Would you please write out the records below exactly as they appear?

Dataset entries:
★ ★ ★ ★ ★ ★ ★

(* Only the index arithmetic is evaluated: [vm_compute] on the whole goal would
   unfold the real numbers. *)
Ltac eval_cube_indices := repeat match goal with
| |- context [hamming3 ?a ?b] =>
    let v := eval vm_compute in (hamming3 a b) in change (hamming3 a b) with v
| |- context [cube_bit ?a ?b] =>
    let v := eval vm_compute in (cube_bit a b) in change (cube_bit a b) with v
| |- context [leq ?a ?b] =>
    let v := eval vm_compute in (leq a b) in change (leq a b) with v
| |- context [@eq_op nat ?a ?b] =>
    let v := eval vm_compute in (@eq_op nat a b) in change (@eq_op nat a b) with v
end.

Section Configuration.
Variable R : realType.
Implicit Types (t c a b : R) (i k n : nat).

Definition shell_scale t n : R := if (n < 8)%N then 1 else t.
Definition shell_mass (mu1 mu2 : R) n : R := if (n < 8)%N then mu1 else mu2.
Definition vertex_coord t n k : R := shell_scale t n * sgb R (cube_bit n k).

(* The scalar product of two sign vectors that differ in [d] places is [3 - 2 d]. *)
Definition cube_dist a b (d : nat) : R :=
  Num.sqrt (3 * (a ^+ 2 + b ^+ 2) - 2 * a * b * (3 - 2 * d%:R)).

Lemma nested_cubesE t (i : 'I_16) (k : 'I_3) :
  nested_cubes t i ord0 k = vertex_coord t i k.
Proof.
rewrite /nested_cubes /cube_vertex /vertex_coord /shell_scale.
case: ifP => [_|/negbT]; first by rewrite mxE mul1r.
by rewrite -leqNgt !mxE => /subnK {2}<-; rewrite cube_bitD8.
Qed.

Lemma sgb_sub_sqr a b (x y : bool) : (a * sgb R x - b * sgb R y) ^+ 2 =
  a ^+ 2 + b ^+ 2 - 2 * a * b * (1 - 2 * (x != y)%:R).
Proof. by case: x; case: y; rewrite /sgb /=; ring. Qed.

Lemma enorm_nested_cubes t (i j : 'I_16) :
  enorm (nested_cubes t j - nested_cubes t i) =
  cube_dist (shell_scale t j) (shell_scale t i) (hamming3 j i).
Proof.
rewrite /enorm /cube_dist; congr Num.sqrt.
rewrite !big_ord_recr big_ord0 /= !mxE !nested_cubesE /vertex_coord !sgb_sub_sqr.
by rewrite /hamming3 !natrD; ring.
Qed.

Lemma sgb_inj : injective (sgb R).
Proof. by case; case => //= h; exfalso; lra. Qed.

Lemma normr_vertex_coord t n k : 0 < t -> `|vertex_coord t n k| = shell_scale t n.
Proof.
move=> t_gt0; rewrite /vertex_coord normrM.
have -> : `|sgb R (cube_bit n k)| = 1 by case: cube_bit; rewrite ?normrN normr1.
by rewrite mulr1 /shell_scale; case: ifP; rewrite ?normr1 ?gtr0_norm.
Qed.

Lemma nested_cubes_inj t : 0 < t < 1 -> injective (nested_cubes t).
Proof.
case/andP=> t_gt0 t_lt1 i j eq_ij.
have coord k : (k < 3)%N -> vertex_coord t i k = vertex_coord t j k.
  by move=> k_lt3; rewrite -[k]/(nat_of_ord (Ordinal k_lt3)) -!nested_cubesE eq_ij.
have scale : shell_scale t i = shell_scale t j.
  by rewrite -(normr_vertex_coord i 0 t_gt0) coord // normr_vertex_coord.
have shell : (8 <= i)%N = (8 <= j)%N.
  rewrite leqNgt [RHS]leqNgt; congr negb; move: scale; rewrite /shell_scale.
  by case: (i < 8)%N; case: (j < 8)%N => // eq_t; move: t_lt1; rewrite eq_t ltxx.
have bits k : (k < 3)%N -> cube_bit i k = cube_bit j k.
  move=> k_lt3; apply: sgb_inj; apply: (mulfI (_ : shell_scale t i != 0)).
    by rewrite /shell_scale; case: ifP => _; rewrite ?oner_eq0 ?gt_eqF.
  by have := coord k k_lt3; rewrite /vertex_coord scale.
apply: val_inj; rewrite /= (cube_index_bits (ltn_ord i)) (cube_index_bits (ltn_ord j)).
by rewrite shell !bits.
Qed.

Definition force_term t (mu1 mu2 : R) c i k n : R :=
  if n != i then
    shell_mass mu1 mu2 n
    * (cube_dist (shell_scale t n) (shell_scale t i) (hamming3 n i) ^- 3 - c)
    * (vertex_coord t n k - vertex_coord t i k)
  else 0.

Definition force t (mu1 mu2 : R) c i k : R :=
  \sum_(0 <= n < 16) force_term t mu1 mu2 c i k n.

★ ★ ★ ★ ★ ★ ★

__Solution for this task__.
(* Only the index arithmetic is evaluated: [vm_compute] on the whole goal would
   unfold the real numbers. *)
Ltac eval_cube_indices := repeat match goal with
| |- context [hamming3 ?a ?b] =>
    let v := eval vm_compute in (hamming3 a b) in change (hamming3 a b) with v
| |- context [cube_bit ?a ?b] =>
    let v := eval vm_compute in (cube_bit a b) in change (cube_bit a b) with v
| |- context [leq ?a ?b] =>
    let v := eval vm_compute in (leq a b) in change (leq a b) with v
| |- context [@eq_op nat ?a ?b] =>
    let v := eval vm_compute in (@eq_op nat a b) in change (@eq_op nat a b) with v
end.

Section Configuration.
Variable R : realType.
Implicit Types (t c a b : R) (i k n : nat).

Definition shell_scale t n : R := if (n < 8)%N then 1 else t.
Definition shell_mass (mu1 mu2 : R) n : R := if (n < 8)%N then mu1 else mu2.
Definition vertex_coord t n k : R := shell_scale t n * sgb R (cube_bit n k).

(* The scalar product of two sign vectors that differ in [d] places is [3 - 2 d]. *)
Definition cube_dist a b (d : nat) : R :=
  Num.sqrt (3 * (a ^+ 2 + b ^+ 2) - 2 * a * b * (3 - 2 * d%:R)).

Lemma nested_cubesE t (i : 'I_16) (k : 'I_3) :
  nested_cubes t i ord0 k = vertex_coord t i k.
Proof.
rewrite /nested_cubes /cube_vertex /vertex_coord /shell_scale.
case: ifP => [_|/negbT]; first by rewrite mxE mul1r.
by rewrite -leqNgt !mxE => /subnK {2}<-; rewrite cube_bitD8.
Qed.

Lemma sgb_sub_sqr a b (x y : bool) : (a * sgb R x - b * sgb R y) ^+ 2 =
  a ^+ 2 + b ^+ 2 - 2 * a * b * (1 - 2 * (x != y)%:R).
Proof. by case: x; case: y; rewrite /sgb /=; ring. Qed.

Lemma enorm_nested_cubes t (i j : 'I_16) :
  enorm (nested_cubes t j - nested_cubes t i) =
  cube_dist (shell_scale t j) (shell_scale t i) (hamming3 j i).
Proof.
rewrite /enorm /cube_dist; congr Num.sqrt.
rewrite !big_ord_recr big_ord0 /= !mxE !nested_cubesE /vertex_coord !sgb_sub_sqr.
by rewrite /hamming3 !natrD; ring.
Qed.

Lemma sgb_inj : injective (sgb R).
Proof. by case; case => //= h; exfalso; lra. Qed.

Lemma normr_vertex_coord t n k : 0 < t -> `|vertex_coord t n k| = shell_scale t n.
Proof.
move=> t_gt0; rewrite /vertex_coord normrM.
have -> : `|sgb R (cube_bit n k)| = 1 by case: cube_bit; rewrite ?normrN normr1.
by rewrite mulr1 /shell_scale; case: ifP; rewrite ?normr1 ?gtr0_norm.
Qed.

Lemma nested_cubes_inj t : 0 < t < 1 -> injective (nested_cubes t).
Proof.
case/andP=> t_gt0 t_lt1 i j eq_ij.
have coord k : (k < 3)%N -> vertex_coord t i k = vertex_coord t j k.
  by move=> k_lt3; rewrite -[k]/(nat_of_ord (Ordinal k_lt3)) -!nested_cubesE eq_ij.
have scale : shell_scale t i = shell_scale t j.
  by rewrite -(normr_vertex_coord i 0 t_gt0) coord // normr_vertex_coord.
have shell : (8 <= i)%N = (8 <= j)%N.
  rewrite leqNgt [RHS]leqNgt; congr negb; move: scale; rewrite /shell_scale.
  by case: (i < 8)%N; case: (j < 8)%N => // eq_t; move: t_lt1; rewrite eq_t ltxx.
have bits k : (k < 3)%N -> cube_bit i k = cube_bit j k.
  move=> k_lt3; apply: sgb_inj; apply: (mulfI (_ : shell_scale t i != 0)).
    by rewrite /shell_scale; case: ifP => _; rewrite ?oner_eq0 ?gt_eqF.
  by have := coord k k_lt3; rewrite /vertex_coord scale.
apply: val_inj; rewrite /= (cube_index_bits (ltn_ord i)) (cube_index_bits (ltn_ord j)).
by rewrite shell !bits.
Qed.

Definition force_term t (mu1 mu2 : R) c i k n : R :=
  if n != i then
    shell_mass mu1 mu2 n
    * (cube_dist (shell_scale t n) (shell_scale t i) (hamming3 n i) ^- 3 - c)
    * (vertex_coord t n k - vertex_coord t i k)
  else 0.

Definition force t (mu1 mu2 : R) c i k : R :=
  \sum_(0 <= n < 16) force_term t mu1 mu2 c i k n.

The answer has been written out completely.